Though they are cast as terrorists, the Five Fishes are pretty pathetic. They are not so interested in changing the political process directly, but are more interested in changing the hearts and minds of the people. They don't seem to realize that those hearts and minds are absolutely lost, and will never come back again. That motif, the complete and utter loss of hope, is really what this book is about. At least until the end. In the end James does a very convincing job of changing everything about not only Theo, but about the entire world. The catalyst for the change is, of course, the birth of a child, and its every bit as transformational in this book as it is in real life.

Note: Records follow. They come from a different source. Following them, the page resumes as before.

Lemma quot_norm_inv_int_norm : inv_int_norm lq.
Proof.
split; last split; last split; last split.
- by apply/eqP; rewrite -leqn0 -(norm1 l_norm) -(hom1 phiM) quot_norm_le.
- move=> u; apply/eqP; rewrite eqn_leq quot_normV_le /=.
  by have := quot_normV_le u^-1%g; rewrite invgK.
- move=> u v; have [g [<- <-]] := quot_norm_attained u.
  have [h [<- <-]] := quot_norm_attained v.
  by rewrite -phiM (leq_trans (quot_norm_le _)) ?(normM l_norm).
- move=> u; have [g [<- <-]] := quot_norm_attained u.
  by move=> /(norm_eq0 l_norm) ->; apply: hom1.
- move=> u v; apply/eqP; rewrite eqn_leq quot_normJ_le /=.
  by have := quot_normJ_le (u ^ v)%g v^-1%g; rewrite conjgK.
Qed.

End QuotientNorm.

Lemma almost_hom_of_isometric_on (G : Grp) (gT : finGroupType) (l1 : G -> nat)
    (l2 : gT -> nat) (D : list G) (Q : seq rat) (phi : G -> gT) :
  is_hom phi -> (forall x y, List.In x D -> List.In y D -> phi x = phi y -> x = y) ->
  (forall g, List.In g D -> l2 (phi g) = l1 g) -> almost_hom l1 l2 D Q phi.
Proof.
move=> phiM phi_inj phi_iso; split=> //; split=> [h g _ _ _ | g q Dg _]; first exact: phiM.
by rewrite phi_iso.
Qed.

Section ClosedBalls.
Variables (G : Grp) (l : G -> nat).

Lemma closed_balls_of_mfr : mfr_finite_inv l ->
  forall m, profinite_closed (fun g => (l g <= m)%N).
Proof.
move=> l_mfr m x lx_gt.
have Q_ge0 : all (fun q : rat => 0 <= q)%R [:: 0; m%:R]%R by rewrite /= ler0n.
have [gT [lC [phi [_ [phiM [lC_le [_ [_ phi_cmp]]]]]]]] :=
  l_mfr [:: x] _ Q_ge0 (mem_head _ _).
have [K_sub [K_normal K_fi]] := kernel_fi_normal phiM.
exists (fun n => phi n = 1%g); do 3!split=> //.
have [_ [[lCx_gt _] _]] := phi_cmp x m%:R%R (or_introl erefl) (mem_last 0 [:: m%:R])%R.
move=> n Kn; apply/negP; rewrite -ltnNge.
have := lC_le (x ⊗ n); rewrite phiM Kn mulg1; apply: leq_trans.
by rewrite -(ltr_nat rat) lCx_gt // ltr_nat ltnNge; apply/negP.
Qed.

Lemma coset_norm_bound : (forall m, profinite_closed (fun g => (l g <= m)%N)) ->
  forall g, exists N, fi_normal N /\ forall n, N n -> (l g <= l (g ⊗ n))%N.
Proof.
move=> l_closed g; have [lg0 | lg_gt0] := posnP (l g).
  by exists (fun _ => True); split=> [|n _]; [apply: fi_normalT | rewrite lg0].
have [|N [N_sub [N_normal [N_fi N_out]]]] := l_closed (l g).-1 g.
  by apply/negP; rewrite -ltnNge ltn_predL.
by exists N; split=> [|n /N_out]; [| move: lg_gt0; lia].
Qed.

Lemma mfr_of_closed_balls : inv_norm l ->
  (forall m, profinite_closed (fun g => (l g <= m)%N)) -> mfr_finite_inv l.
Proof.
move=> l_norm l_closed D Q _ _.
pose L := List.app D (List.map (fun p => ginv p.2 ⊗ p.1) (List.list_prod D D)).
have [N [N_fi N_bound]] :=
  @fi_normal_common G G (fun g n => l g <= l (g ⊗ n))%N L
    (fun g _ => coset_norm_bound l_closed g).
have [gT [phi [phiM [phi_onto phi_ker]]]] := finite_quotient N_fi.
pose lC := quot_norm phi l.
have lC_norm : inv_int_norm lC := quot_norm_inv_int_norm phiM phi_onto l_norm.
have lC_exact g : List.In g L -> lC (phi g) = l g.
  move=> Lg; apply: (quot_normE phi_onto) => h /esym /phi_ker Nh.
  by have := N_bound g Lg _ Nh; rewrite gmulKV.
exists gT, lC, phi; split=> //; split=> //; split; first exact: quot_norm_le.
apply: almost_hom_of_isometric_on => // [x y Dx Dy phi_xy | g Dg].
  have Lyx : List.In (ginv y ⊗ x) L.
    by apply/List.in_or_app; right; apply: (List.in_map _ _ (x, y)); apply/List.in_prod.
  have := lC_exact _ Lyx; rewrite phiM (homV phiM) phi_xy mulVg (proj1 lC_norm).
  by move=> /esym /(norm_eq0 l_norm) yx1; rewrite -(gmulKV y x) yx1 gmulx1.
by apply/lC_exact/List.in_or_app; left.
Qed.

End ClosedBalls.

Theorem proposition3p5 (G : Grp) (S : list G)
    (Hsym : forall s, List.In s S -> List.In (ginv s) S)
    (Hgen : generates (Sbar S)) :
  mfr_finite_inv (wnorm S) <->
  (forall m : nat, profinite_closed (fun g : G => (wnorm S g <= m)%N)).
Proof.
split; first exact: closed_balls_of_mfr.
exact/mfr_of_closed_balls/wnorm_inv_norm.
Qed.
Lemma loc_lift_incl q x : loc_lift q (loc_incl k J t q x) = phi q x.
Proof.
rewrite /loc_incl; have [Jq|Jq] := pselect (J q); last first.
  by rewrite (row_asboolF x Jq) mul0mx loc_lift0 (qhom0 hphi).
have [Lq|Lq] := pselect (loc_supp J t q); last first.
  rewrite [X in loc_lift _ X](row_asboolF _ Lq) loc_lift0.
  have [g [tg Jg]] : exists g, t g /\ ~ J (q + g).
    apply: contra_notP Lq => H; exists 0; split; first exact: (face0 ft).
    by move=> g tg; rewrite add0r; apply: contra_notP H => H; exists g.
  have le_qg : qle Qp q (q + g) by exact: qle_addr (face_Qp ft tg).
  apply: (qmap_face_inj (q := q) tg); rewrite (qmap0 qN) // -(qhom_qmap hphi) //.
  by rewrite [X in phi _ X](row_asboolF _ Jg) (qhom0 hphi).
apply: (qmap_face_inj (loc_shift_face q)).
rewrite loc_liftE -(qhom_qmap hphi _ (le_loc_shift _)).
by rewrite /= mulmx_const1A // => _ _; apply/asboolP.
Qed.

Lemma loc_lift_unique (p1 p2 : qhom (kD k (loc_supp J t)) N) :
  is_qhom Qp p1 -> is_qhom Qp p2 ->
  (forall q x, p1 q (loc_incl k J t q x) = phi q x) ->
  (forall q x, p2 q (loc_incl k J t q x) = phi q x) ->
  forall q y, p1 q y = p2 q y.
Proof.
move=> h1 h2 e1 e2 q y; have [Lq|Lq] := pselect (loc_supp J t q); last first.
  by rewrite (row_asboolF y Lq) (qhom0 h1) (qhom0 h2).
set f := loc_shift q.
apply: (qmap_face_inj (loc_shift_face q)).
rewrite -(qhom_qmap h1 _ (le_loc_shift _)) -(qhom_qmap h2 _ (le_loc_shift _)).
have -> : qmap (kD k (loc_supp J t)) q (q + f) y =
    loc_incl k J t (q + f) (y *m const_mx 1 : qcar (kD k J) (q + f)).
  rewrite /loc_incl /= mulmx_const1A // => _ _; apply/asboolP.
  by have := loc_shift_supp Lq (face0 ft); rewrite addr0.
by rewrite e1 e2.
Qed.

End LocUniversal.

Lemma kD_is_loc (Q : zmodType) (Qp : set Q) (k : fieldType) (J t : set Q) :
  is_poag Qp -> convex Qp J -> is_face Qp t -> is_loc Qp t (loc_incl k J t).
Proof.
move=> poag cJ ft; split.
- exact/kD_is_qmod/loc_supp_convex.
- move=> f tf q /=.
  have e : `[< loc_supp J t q >] = `[< loc_supp J t (q + f) >].
    by apply: asbool_equiv_eq; apply: iff_sym; exact: (loc_suppD J ft q tf).
  exists (fun y : 'rV[k]_(`[< loc_supp J t (q + f) >]) =>
            y *m (const_mx 1 : 'M_(_, `[< loc_supp J t q >]))).
  + by move=> x; rewrite mulmx_const1A ?mulmx_const1_id // e.
  + by move=> x; rewrite mulmx_const1A ?mulmx_const1_id // e.
- exact: loc_incl_qhom ft poag cJ.
- move=> N phi qN iN hphi; split.
  + exists (loc_lift phi); split; first exact: (loc_lift_qhom poag ft qN iN hphi).
    exact: (loc_lift_incl ft qN iN hphi).
  + exact: (loc_lift_unique ft iN).
Qed.
(* a and b are points at the two ends and the other vertices of Q are distinct
   points in between; every other vertex gets an interval covering all of
   these points except a (resp. b) when it is adjacent to a (resp. b). *)
Definition ant_interval z : R * R :=
  if z == a then (-1, -1)%R
  else if z == b then (N + 1, N + 1)%R
  else if z \in Q then (rank z, rank z)
  else ((if e z a then -1/2 else -2)%R, (if e z b then N + 1/2 else N + 2)%R).

Local Notation I := ant_interval.

Lemma rank_bounds z : (0 <= rank z /\ rank z + 1 <= N)%R.
Proof.
split; first exact: pos_INR.
by rewrite /rank /N -S_INR; apply/le_INR/leP; apply: ltn_ord.
Qed.

Lemma rank_inj : injective rank.
Proof. by move=> y z /INR_eq /val_inj /enum_rank_inj. Qed.

Lemma ant_interval_lo_a z : z != a -> (-1 < fst (I z))%R <-> e a z.
Proof.
move=> za; have [r0 _] := rank_bounds z; rewrite /I (negbTE za).
case: eqVneq => [-> | zb] /=.
  by have := pos_INR #|T|; rewrite /N; split=> _; [apply: Qclique | lra].
case: ifP => zQ /=; first by split=> _; [apply: Qclique; rewrite // eq_sym | lra].
by rewrite esym; case: (e a z); split=> //; lra.
Qed.

Lemma ant_interval_bounds z :
  (-1 <= snd (I z) /\ fst (I z) <= snd (I z) /\ fst (I z) <= N + 1)%R.
Proof.
have [r0 r1] := rank_bounds z; have := pos_INR #|T|; rewrite /I -/N.
case: ifP => _ /=; first lra.
case: ifP => _ /=; first lra.
case: ifP => _ /=; first lra.
by case: (e z a); case: (e z b); lra.
Qed.

Lemma ant_interval_hi_b z : z != b -> (snd (I z) < N + 1)%R <-> e b z.
Proof.
move=> zb; have [_ r1] := rank_bounds z; have := pos_INR #|T|; rewrite /I -/N.
case: eqVneq => [-> | za] /=.
  by split=> _; [apply: Qclique; rewrite // eq_sym | lra].
rewrite (negbTE zb); case: ifP => zQ /=.
  by split=> _; [apply: Qclique; rewrite // eq_sym | lra].
by rewrite esym; case: (e b z); split=> //; lra.
Qed.

Lemma ant_interval_Q z : z != a -> z != b -> z \in Q -> I z = (rank z, rank z).
Proof. by move=> za zb zQ; rewrite /I (negbTE za) (negbTE zb) zQ. Qed.
Lemma width_rcons p s : width (rcons p s) = width p + s.1.
Proof. by rewrite -cats1 width_cat /width big_seq1. Qed.

(* A step [s] leaving a point at height [y], preceded by [p2] and then [p1]; [(0, 0)],
   which is not a step, stands for a missing predecessor. *)
Definition shape_ok (p2 p1 s : step) : bool :=
  [&& s \in allowed_steps,
      ~~ [&& vertical p2, vertical p1 & vertical s],
      ~~ [&& vertical p1, vertical s & p1 != s],
      (p1 == (1, -2)) ==> (s != (0, -1)) &
      (p1 == (1, 2)) ==> (s != (0, 1))].

Definition height_ok (y : int) (p2 p1 s : step) : bool :=
  [&& 0 <= y + s.2,
      (y == 0) ==> (s != (1, 2)),
      ~~ [&& y == 1, p2 == (1, 1), p1 == (0, -1) & s == (0, -1)] &
      ~~ [&& y == 1, p1 == (1, -1) & s == (0, -1)]].

Definition step_ok (y : int) (p2 p1 s : step) : bool :=
  shape_ok p2 p1 s && height_ok y p2 p1 s.

Fixpoint admissible (y : int) (p2 p1 : step) (p : seq step) : bool :=
  if p is s :: p' then step_ok y p2 p1 s && admissible (y + s.2) p1 s p' else true.

Lemma admissibleP y p2 p1 p :
  admissible y p2 p1 p <->
  (forall t, (t < size p)%N -> step_ok (y + height (take t p))
     (nth (0, 0) [:: p2, p1 & p] t) (nth (0, 0) (p1 :: p) t) (nth (0, 0) p t)).
Proof.
elim: p y p2 p1 => [|s p IH] y p2 p1 /=; first by [].
split=> [/andP[ok_s /IH ok_p] [|t] lt_t | ok].
- by rewrite take0 /height big_nil addr0.
- by rewrite height_cons addrA; apply: ok_p.
- apply/andP; split; first by have := ok 0%N isT; rewrite take0 /height big_nil addr0.
  by apply/IH => t lt_t; have := ok t.+1 lt_t; rewrite /= height_cons addrA.
Qed.

Lemma posyS p t : (t < size p)%N -> posy p t.+1 = posy p t + (stp p t).2.
Proof. by move=> lt_t; rewrite /posy (take_nth (0, 0) lt_t) -/(height _) height_rcons. Qed.

Lemma posxS p t : (t < size p)%N -> posx p t.+1 = posx p t + (stp p t).1.
Proof. by move=> lt_t; rewrite /posx (take_nth (0, 0) lt_t) -/(width _) width_rcons. Qed.

Lemma allowed_x_ge0 s : s \in allowed_steps -> 0 <= s.1.
Proof. by have /allP := isT : all (fun s : step => 0 <= s.1) allowed_steps; apply. Qed.

Lemma admissible_C3path p :
  head (0, 0) p = (1, 1) -> admissible 0 (0, 0) (0, 0) p -> C3path p.
Proof.
move=> head_p /admissibleP adm.
pose w2 t := if t is t'.+2 then stp p t' else (0, 0).
pose w1 t := if t is t'.+1 then stp p t' else (0, 0).
have ok t : (t < size p)%N -> step_ok (posy p t) (w2 t) (w1 t) (stp p t).
  by move=> lt_t; have := adm t lt_t; rewrite add0r; case: t lt_t => [|[|t]].
have shape t : (t < size p)%N -> shape_ok (w2 t) (w1 t) (stp p t) by move=> /ok/andP[].
have heights t : (t < size p)%N -> height_ok (posy p t) (w2 t) (w1 t) (stp p t).
  by move=> /ok/andP[].
have p_gt0 : (0 < size p)%N by move: head_p; case: (p).
have allowed t : (t < size p)%N -> stp p t \in allowed_steps by case/shape/and5P.
split=> //; split.
- split; last by rewrite /stp nth0.
  elim=> [|t IH] le_t; first by rewrite /posx /posy take0 !big_nil.
  have [x_ge0 y_ge0] := IH (ltnW le_t).
  rewrite posxS // posyS //; case/heights/and4P: (le_t) => -> _ _ _; split=> //.
  by rewrite addr_ge0 // allowed_x_ge0 // allowed.
- move=> t /shape/and5P[_ no_three _ _ _] [v0 v1 v2].
  by move: no_three; rewrite /= v0 v1 v2.
- split=> t /shape/and5P[_ _ no_back no_down no_up].
  + by case=> v0 [v1 /eqP ne]; move: no_back; rewrite /= v0 v1 ne.
  + by split=> e0 e1; [move: no_down | move: no_up]; rewrite -[w1 _]/(stp p t) e0 e1.
- move=> t lt_t; split.
  + by move=> y0; case/heights/and4P: lt_t => _ + _ _; rewrite y0 eqxx => /eqP.
  + move=> y1 up lt_t2 [down1 down2].
    case/heights/and4P: (lt_t2) => _ _ /negP + _; apply.
    have lt_t1 : (t.+1 < size p)%N by apply: ltn_trans lt_t2.
    by rewrite -[w2 _]/(stp p t) -[w1 _]/(stp p t.+1) posyS // posyS // y1 up down1 down2 !eqxx.
  + move=> y2 diag lt_t1 down.
    case/heights/and4P: (lt_t1) => _ _ _ /negP; apply.
    by rewrite -[w1 _]/(stp p t) posyS // y2 diag down !eqxx.
Qed.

Suffice it to say that the film makers took some great liberties with James' text, as the resolution to this story is nothing like the movie. Overall I think that this book is a success. James set out to tell not a SF genre tale, but rather an epic tale of a dystopia (or rather, an anti-Utopia) with a strong burst of hope for the future at the end, and that is exactly what she gives you. Where the book fails is not in waiting to examine the true depth of that loss until the very end of the book, but instead using it as part of the back drop for one encounter and conversation after another. After the first few chapters it becomes quite obvious that James in not interested in really examining the issue, but rather just interested in assuming the totality of it and all the social ills it brings only. She allows no room for all of the other little victories and hopes that drive us every day, and just sort of assumes that everything else goes away just because the prize at the top of the heap is no longer available. I suppose that I can buy that, but it would have been nice to see some deeper analysis of the issue. As a result the bulk of this book is quite dark, and due to James style the telling of the story is a mixed bag, and also somewhat dry. If it weren't for the fact that James is a master at describing the various policies and exploring the motivations for them, I would have thrown this thing away in disgust. As it is, on the balance I have to say that James gives a book of mixed quality that overall is probably worth the effort for some, but probably not all.